よく患者さんに適正な内視鏡検査 間隔に関して質問を受けることがあります。
大腸内視鏡検査に関しては、
上右の図表にあるように《2020年消化器病学会ガイドライン》を参考に説明します。
図の上段に『初回の大腸内視鏡検査』とうたっているのは、1回の内視鏡検査では特に小さな病変は見落とす可能性もあるため、安全域を確保したうえで 検査間隔を提示していると考えられます。そのため、数年以内に複数回検査している人は、より長い検査間隔で大丈夫な可能性があります。
患者さんの相談で、よくあるのが
大腸ポリープを切除後の経過観察で、毎年検査をしていて異常はないのだが、1-2年たったので心配なので検査して欲しいというケースです。
上のガイドラインは初回を対象としています。
この場合、初回切除したポリープの情報がないため、きちっと正確な判断はできませんが、複数回続けて異常がなかったなら、検診に戻るでもいいかもしれません。
大腸癌ができたことがあったり、10個以上のポリープがみつかっている人は、5年単位には内視鏡検査を組み合わせた方がいいかもしれません。
開院以来 当院で施行した大腸内視鏡検査1430例中、進行大腸癌(18例)・早期大腸癌(6例)および その一歩手前の状態(4例)で入院加療が必要な大腸病変と診断した28例あります。そのうち、19例がそのときが初回の大腸内視鏡検査でした。
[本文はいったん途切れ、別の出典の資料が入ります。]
Section ProdRing.
Variables (n : nat) (R : 'I_n -> comPzRingType).
Definition prodR := {dffun forall i : 'I_n, R i}.
HB.instance Definition _ := Choice.on prodR.
Definition prod0 : prodR := [ffun i => 0].
Definition prodN (x : prodR) : prodR := [ffun i => - x i].
Definition prodD (x y : prodR) : prodR := [ffun i => x i + y i].
Definition prod1 : prodR := [ffun i => 1].
Definition prodM (x y : prodR) : prodR := [ffun i => x i * y i].
Lemma prodDA : associative prodD.
Proof. by move=> x y z; apply/ffunP=> i; rewrite !ffunE addrA. Qed.
Lemma prodDC : commutative prodD.
Proof. by move=> x y; apply/ffunP=> i; rewrite !ffunE addrC. Qed.
Lemma prod0D : left_id prod0 prodD.
Proof. by move=> x; apply/ffunP=> i; rewrite !ffunE add0r. Qed.
Lemma prodND : left_inverse prod0 prodN prodD.
Proof. by move=> x; apply/ffunP=> i; rewrite !ffunE addNr. Qed.
HB.instance Definition _ := GRing.isZmodule.Build prodR prodDA prodDC prod0D prodND.
Lemma prodMA : associative prodM.
Proof. by move=> x y z; apply/ffunP=> i; rewrite !ffunE mulrA. Qed.
Lemma prodMC : commutative prodM.
Proof. by move=> x y; apply/ffunP=> i; rewrite !ffunE mulrC. Qed.
Lemma prod1M : left_id prod1 prodM.
Proof. by move=> x; apply/ffunP=> i; rewrite !ffunE mul1r. Qed.
Lemma prodMDl : left_distributive prodM prodD.
Proof. by move=> x y z; apply/ffunP=> i; rewrite !ffunE mulrDl. Qed.
HB.instance Definition _ :=
  GRing.Zmodule_isComPzRing.Build prodR prodMA prodMC prod1M prodMDl.
End ProdRing.

Lemma prodR_addE n (R : 'I_n -> comPzRingType) (x y : prodR R) i :
  (x + y) i = x i + y i.
Proof. by rewrite ffunE. Qed.
Lemma prodR_mulE n (R : 'I_n -> comPzRingType) (x y : prodR R) i :
  (x * y) i = x i * y i.
Proof. by rewrite ffunE. Qed.

Definition prod_ideal n (R : 'I_n -> comPzRingType) (I : forall i, {pred R i})
  : {pred prodR R} := fun x => [forall i, x i \in I i].

Definition maximal_ideal (A : nzRingType) (M : {pred A}) : Prop :=
  idealr_closed M /\
  forall J : {pred A}, idealr_closed J -> {subset M <= J} -> J =i M.

Definition local_ring (A : comNzRingType) : Prop :=
  exists M : {pred A}, maximal_ideal M /\
    forall M' : {pred A}, maximal_ideal M' -> M' =i M.

Definition in_xR_I (A : comPzRingType) (I : {pred A}) (x y : A) : Prop :=
  exists r a, a \in I /\ y = x * r + a.

Definition xR_I_proper (A : comPzRingType) (I : {pred A}) (x : A) : Prop :=
  ~ (forall z : A, in_xR_I I x z).

Definition G2_vertex (A : comPzRingType) (I : {pred A}) (x : A) : Prop :=
  x \notin I /\ xR_I_proper I x.

Definition G2_adj (A : comPzRingType) (I : {pred A}) (x y : A) : Prop :=
  x <> y /\ ~ in_xR_I I y x /\ ~ in_xR_I I x y.

Local Open Scope classical_set_scope.
Definition plane := (Rdefinitions.R * Rdefinitions.R)%type.

Definition planar (T : Type) (V : T -> Prop) (E : T -> T -> Prop) : Prop :=
  exists (p : T -> plane) (g : T -> T -> Rdefinitions.R -> plane),
    (forall u v, V u -> V v -> p u = p v -> u = v) /\
    (forall u v, V u -> V v -> E u v ->
       [/\ {within [set t : Rdefinitions.R | 0 <= t <= 1],
              continuous (g u v)},
           g u v 0 = p u, g u v 1 = p v,
           (forall s t, 0 <= s <= 1 -> 0 <= t <= 1 -> g u v s = g u v t -> s = t)
         & (forall t w, 0 < t < 1 -> V w -> g u v t <> p w)]) /\
    (forall u v u' v', V u -> V v -> E u v -> V u' -> V v' -> E u' v' ->
       ~ ((u' = u /\ v' = v) \/ (u' = v /\ v' = u)) ->
       forall s t, 0 <= s <= 1 -> 0 <= t <= 1 -> g u v s = g u' v' t ->
       exists w, V w /\ g u v s = p w).

From HB Require Import structures.
From mathcomp Require Import all_boot all_order all_algebra ring_quotient.
From mathcomp Require Import all_classical all_reals all_analysis.
From mathcomp Require Import Rstruct Rstruct_topology.
From mathcomp Require Import ring lra.

(* The five 0/1 vectors whose supports are five of the two-element subsets of
   the first four coordinates are pairwise incomparable for divisibility modulo
   I, so they span a K5 in Gamma''_I(R).  K5 is not planar: sample the edges of
   a drawing finely enough that, by compactness, every small grid cell of
   (s, t) |-> e(s) - f(t), for disjoint edges e, f, lies in an open half-plane.
   Counting mod 2 the crossings of the resulting polygons with horizontal rays,
   each such pair gives an identity between "edge crosses the ray from a vertex"
   terms and "vertex above vertex" terms.  Summed over the 15 pairs of disjoint
   edges, the first kind cancels and the second kind adds up to 1. *)

Set Implicit Arguments.
Unset Strict Implicit.
Unset Printing Implicit Defensive.

Import Order.TTheory GRing.Theory Num.Theory.
Import numFieldNormedType.Exports.
Local Open Scope ring_scope.

Lemma big_addb_even (T : eqType) (s : seq T) (F : T -> bool) :
  all (fun t => ~~ odd (count_mem t s)) s -> \big[addb/false]_(t <- s) F t = false.
Proof.
move=> s_even; rewrite -big_undup_iterop_count; apply: big1_seq => t /andP[_].
rewrite mem_undup Monoid.iteropE => /(allP s_even) /negbTE t_even.
have iterE k : iter k (addb (F t)) false = F t && odd k.
  by elim: k => [|k /= ->]; [rewrite andbF | case: (F t)].
by rewrite iterE t_even andbF.
Qed.

Lemma big_addb_telescope (n : nat) (x : nat -> bool) :
  \big[addb/false]_(i < n) (x i (+) x i.+1) = x 0%N (+) x n.
Proof.
elim: n => [|n IHn]; first by rewrite big_ord0 addbb.
by rewrite big_ord_recr /= IHn -addbA addKb.
Qed.

Notation "\xor_ ( i < n ) F" := (\big[addb/false]_(i < n) F%B)
  (at level 41, F at level 41, i, n at level 50).

Definition K5_disjoint_edge_pairs : seq (nat * nat * nat * nat) :=
  [:: (0, 1, 2, 3); (0, 1, 2, 4); (0, 1, 3, 4); (0, 2, 1, 3); (0, 2, 1, 4);
      (0, 2, 3, 4); (0, 3, 1, 2); (0, 3, 1, 4); (0, 3, 2, 4); (0, 4, 1, 2);
      (0, 4, 1, 3); (0, 4, 2, 3); (1, 2, 3, 4); (1, 3, 2, 4); (1, 4, 2, 3)]%N.

Definition disjoint_edges (x : nat * nat * nat * nat) : bool :=
  let: (a, b, c, d) := x in
  [&& (a < b < 5)%N, (c < d < 5)%N & [&& a != c, a != d, b != c & b != d]].

Lemma K5_disjoint_edge_pairsP : all disjoint_edges K5_disjoint_edge_pairs.
Proof. by []. Qed.

Lemma K5_pair_edges a b c d : (a, b, c, d) \in K5_disjoint_edge_pairs ->
  (a < b < 5)%N /\ (c < d < 5)%N.
Proof. by move=> /(allP K5_disjoint_edge_pairsP) /and3P[]. Qed.

Definition edge_vertex_terms (x : nat * nat * nat * nat) : seq (nat * nat * nat) :=
  let: (a, b, c, d) := x in [:: (a, b, c); (a, b, d); (c, d, a); (c, d, b)].

Definition vertex_pair_terms (x : nat * nat * nat * nat) : seq (nat * nat) :=
  let: (a, b, c, d) := x in [:: (a, c); (a, d); (b, c); (b, d)].

Lemma K5_edge_vertex_sum (A : nat -> nat -> nat -> bool) :
  \big[addb/false]_(x <- K5_disjoint_edge_pairs)
     \big[addb/false]_(t <- edge_vertex_terms x) A t.1.1 t.1.2 t.2 = false.
Proof.
rewrite -[LHS](big_map _ xpredT (fun s => \big[addb/false]_(t <- s) _)) -big_flatten.
by apply: big_addb_even; vm_compute.
Qed.

Lemma K5_vertex_pair_sum (H : nat -> nat -> bool) :
  (forall x y, (x < 5)%N -> (y < 5)%N -> x != y -> H y x = ~~ H x y) ->
  \big[addb/false]_(x <- K5_disjoint_edge_pairs)
     \big[addb/false]_(t <- vertex_pair_terms x) H t.1 t.2 = true.
Proof.
move=> H_anti.
(* Each unordered pair of vertices occurs six times, and an odd number of times
   in decreasing order: only this count survives. *)
rewrite -[LHS](big_map _ xpredT (fun s => \big[addb/false]_(t <- s) _)) -big_flatten.
set s := flatten _; pose sort2 (t : nat * nat) := (minn t.1 t.2, maxn t.1 t.2).
have s_bounded : all (fun t => [&& (t.1 < 5)%N, (t.2 < 5)%N & t.1 != t.2]) s.
  by vm_compute.
have sortE t : t \in s -> H t.1 t.2 = (t.2 < t.1)%N (+) H (sort2 t).1 (sort2 t).2.
  move=> /(allP s_bounded); case: t => x y /and3P[/= x5 y5 xy].
  by case: ltngtP xy => // lt_yx _; rewrite H_anti ?negbK // ltn_eqF.
rewrite (eq_big_seq _ sortE) big_split /=.
rewrite -(big_map sort2 xpredT (fun t => H t.1 t.2)) [X in _ (+) X]big_addb_even ?addbF.
  by rewrite unlock.
by vm_compute.
Qed.

Lemma pair_neq0 (U V : nmodType) (a : U) (b : V) :
  ((a, b) != 0) = (a != 0) || (b != 0).
Proof. by rewrite -negb_and; congr (~~ _); apply/eqP/andP => [[-> ->]|[/eqP-> /eqP->]]. Qed.

Lemma common_pos_bound (R : realDomainType) (T : eqType) (s : seq T) (Q : T -> R -> Prop) :
  (forall x m m', 0 < m' <= m -> Q x m -> Q x m') ->
  (forall x, x \in s -> exists2 m, 0 < m & Q x m) ->
  exists2 m, 0 < m & forall x, x \in s -> Q x m.
Proof.
move=> Q_anti; elim: s => [|y s IHs] Q_pos; first by exists 1.
have [my my0 Qy] := Q_pos y (mem_head _ _).
have [m m0 Qm] : exists2 m, 0 < m & forall x, x \in s -> Q x m.
  by apply: IHs => x xs; apply: Q_pos; rewrite inE xs orbT.
have min_pos : 0 < Num.min my m by rewrite lt_min my0 m0.
exists (Num.min my m) => // x /predU1P[->|xs].
  by apply: Q_anti Qy; rewrite min_pos ge_min lexx.
by apply: Q_anti (Qm x xs); rewrite min_pos ge_min lexx orbT.
Qed.

Section RayCrossing.
Variable R : realFieldType.
Implicit Types u z w : R * R.

Definition dotp u z := u.1 * z.1 + u.2 * z.2.

Definition det z w := z.1 * w.2 - z.2 * w.1.

Definition upper z := (0 < z.2) || ((z.2 == 0) && (0 < z.1)).

(* The segment [z, w] passes from one side of the x-axis to the other through
   the positive half-axis, which it meets at abscissa [det z w / (w.2 - z.2)]. *)
Definition ray_cross z w := (upper z != upper w) && (0 < det z w * (w.2 - z.2)).

Lemma dotpC z w : dotp z w = dotp w z.
Proof. by rewrite /dotp mulrC [z.2 * _]mulrC. Qed.

Lemma ray_crossC z w : ray_cross z w = ray_cross w z.
Proof.
rewrite /ray_cross eq_sym; congr (_ && (0 < _)).
by rewrite /det; ring.
Qed.

Lemma upperP z : reflect (0 < z.2 \/ z.2 = 0 /\ 0 < z.1) (upper z).
Proof.
apply: (iffP orP) => [[z2|/andP[/eqP z2 z1]]|[z2|[z2 z1]]]; [by left|by right|by left|].
by right; rewrite z2 eqxx.
Qed.

Lemma negupperP z : reflect (z.2 < 0 \/ z.2 = 0 /\ z.1 <= 0) (~~ upper z).
Proof.
rewrite /upper negb_or negb_and -!leNgt.
apply: (iffP andP) => [[z2 /orP[z2n0|z1]]|[z2|[z2 z1]]].
- by left; rewrite lt_neqAle z2n0 z2.
- have [z2lt|z2ge] := ltP z.2 0; first by left.
  by right; split=> //; apply/eqP; rewrite eq_le z2 z2ge.
- by split; [exact: ltW | rewrite lt_eqF].
- by rewrite z2 z1 orbT lexx.
Qed.

Lemma upperN z : z != 0 -> upper (- z) = ~~ upper z.
Proof.
move=> z0; case: (boolP (upper z)) => [/upperP z_up|/negupperP z_low].
  apply/negbTE/negupperP => /=.
  by case: z_up => [z2|[z2 z1]]; [left; lra | right; rewrite z2 oppr0; split=> //; lra].
apply/upperP => /=; case: z_low => [z2|[z2 z1]]; first by left; lra.
right; rewrite z2 oppr0 oppr_gt0 lt_neqAle z1 andbT; split=> //.
by move: z0; case: z z2 {z1} => a b /= ->; rewrite pair_neq0 eqxx orbF.
Qed.

Lemma dotp_gt0_neq0 z w : 0 < dotp z w -> z != 0.
Proof. by apply: contraTneq => ->; rewrite /dotp /= !mul0r addr0 ltxx. Qed.

Lemma dotpp_gt0 z : z != 0 -> 0 < dotp z z.
Proof.
case: z => a b; rewrite pair_neq0 /dotp /= -!expr2 => /orP ab.
have a2 := sqr_ge0 a; have b2 := sqr_ge0 b.
case: ab => [a0|b0].
  have a2pos : 0 < a ^+ 2 by rewrite exprn_even_gt0 ?a0 ?orbT.
  lra.
have b2pos : 0 < b ^+ 2 by rewrite exprn_even_gt0 ?b0 ?orbT.
lra.
Qed.

(* The key identity is [u.1 * det z w = dotp u z * w.2 - dotp u w * z.2]. *)
Lemma lower_upper_det u z w : ~~ upper z -> upper w ->
  0 < dotp u z -> 0 < dotp u w -> 0 < u.1 * det z w /\ 0 < w.2 - z.2.
Proof.
move=> /negupperP z_low /upperP w_up uz uw.
have sides : 0 < w.2 - z.2.
  case: z_low w_up => [z2|[z2 z1]] [w2|[w2 w1]]; try lra.
  move: uz uw; rewrite /dotp z2 w2 !mulr0 !addr0 => uz uw; nra.
split=> //; have -> : u.1 * det z w = dotp u z * w.2 + dotp u w * (- z.2).
  by rewrite /det /dotp; ring.
have z2 : 0 <= - z.2 by case: z_low => [|[->]]; lra.
have w2 : 0 <= w.2 by case: w_up => [|[->]]; lra.
by case: (ltrP 0 w.2) => w2pos; nra.
Qed.

Lemma ray_cross_half_plane u z w : 0 < dotp u z -> 0 < dotp u w ->
  ray_cross z w = (0 <= u.1) && (upper z != upper w).
Proof.
wlog z_low : z w / ~~ upper z.
  move=> wlog_low uz uw; have [z_up|z_low] := boolP (upper z); last first.
    by rewrite wlog_low // (negPf z_low).
  have [w_up|w_low] := boolP (upper w); first by rewrite /ray_cross z_up w_up andbF.
  by rewrite ray_crossC wlog_low // z_up (negPf w_low).
move=> uz uw; have [w_up|w_low] := boolP (upper w); last first.
  by rewrite /ray_cross (negPf z_low) (negPf w_low) !andbF.
have [udet sides] := lower_upper_det z_low w_up uz uw.
rewrite /ray_cross (negPf z_low) ?w_up /= !andbT pmulr_lgt0 //.
by apply/idP/idP => h; nra.
Qed.

Lemma ray_crossN z w : 0 < dotp z w ->
  ray_cross z w (+) ray_cross (- z) (- w) = (upper z != upper w).
Proof.
move=> zw; have z0 := dotp_gt0_neq0 zw.
have w0 : w != 0 by apply: (@dotp_gt0_neq0 _ z); rewrite dotpC.
have zz := dotpp_gt0 z0; have ww := dotpp_gt0 w0.
have detN : det (- z) (- w) * ((- w).2 - (- z).2) = - (det z w * (w.2 - z.2)).
  by rewrite /det /=; ring.
have signX (c X : R) : 0 < c * X -> (0 < X) (+) (X < 0).
  move=> cX; have [X0|X0|X0] := ltrgtP X 0 => //.
  by move: cX; rewrite X0 mulr0 ltxx.
rewrite /ray_cross detN oppr_gt0 (upperN z0) (upperN w0).
case: (boolP (upper z)) => z_up; case: (boolP (upper w)) => w_up //=.
  have wz : 0 < dotp w z by rewrite dotpC.
  have [wdet sides] := lower_upper_det w_up z_up ww wz.
  apply: (signX w.1); rewrite [X in 0 < _ * X](_ : _ = det w z * (z.2 - w.2)).
    by rewrite mulrA mulr_gt0.
  by rewrite /det; ring.
have [zdet sides] := lower_upper_det z_up w_up zz zw.
by apply: (signX z.1); rewrite mulrA mulr_gt0.
Qed.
しかも、進行大腸癌18例に限ると16例⇒89.9%が初回検査でした。
医療経済を重視する欧米では、50歳以降では大腸癌検診に1回 内視鏡検査を可能としている国もあります。1年前までの便潜血が陰性であっても、大腸内視鏡をやってみたら、進行癌がみつかるケースもあります。
1回大腸内視鏡検査することでのリスク低下が、かなり大きいことを示しています。
心配し過ぎて 検査をやり過ぎるのも いけないですが、心配しなさ過ぎて、一回も検査しないで自分は大丈夫というのが一番 危険性があります。
参考にしていただければ幸いです。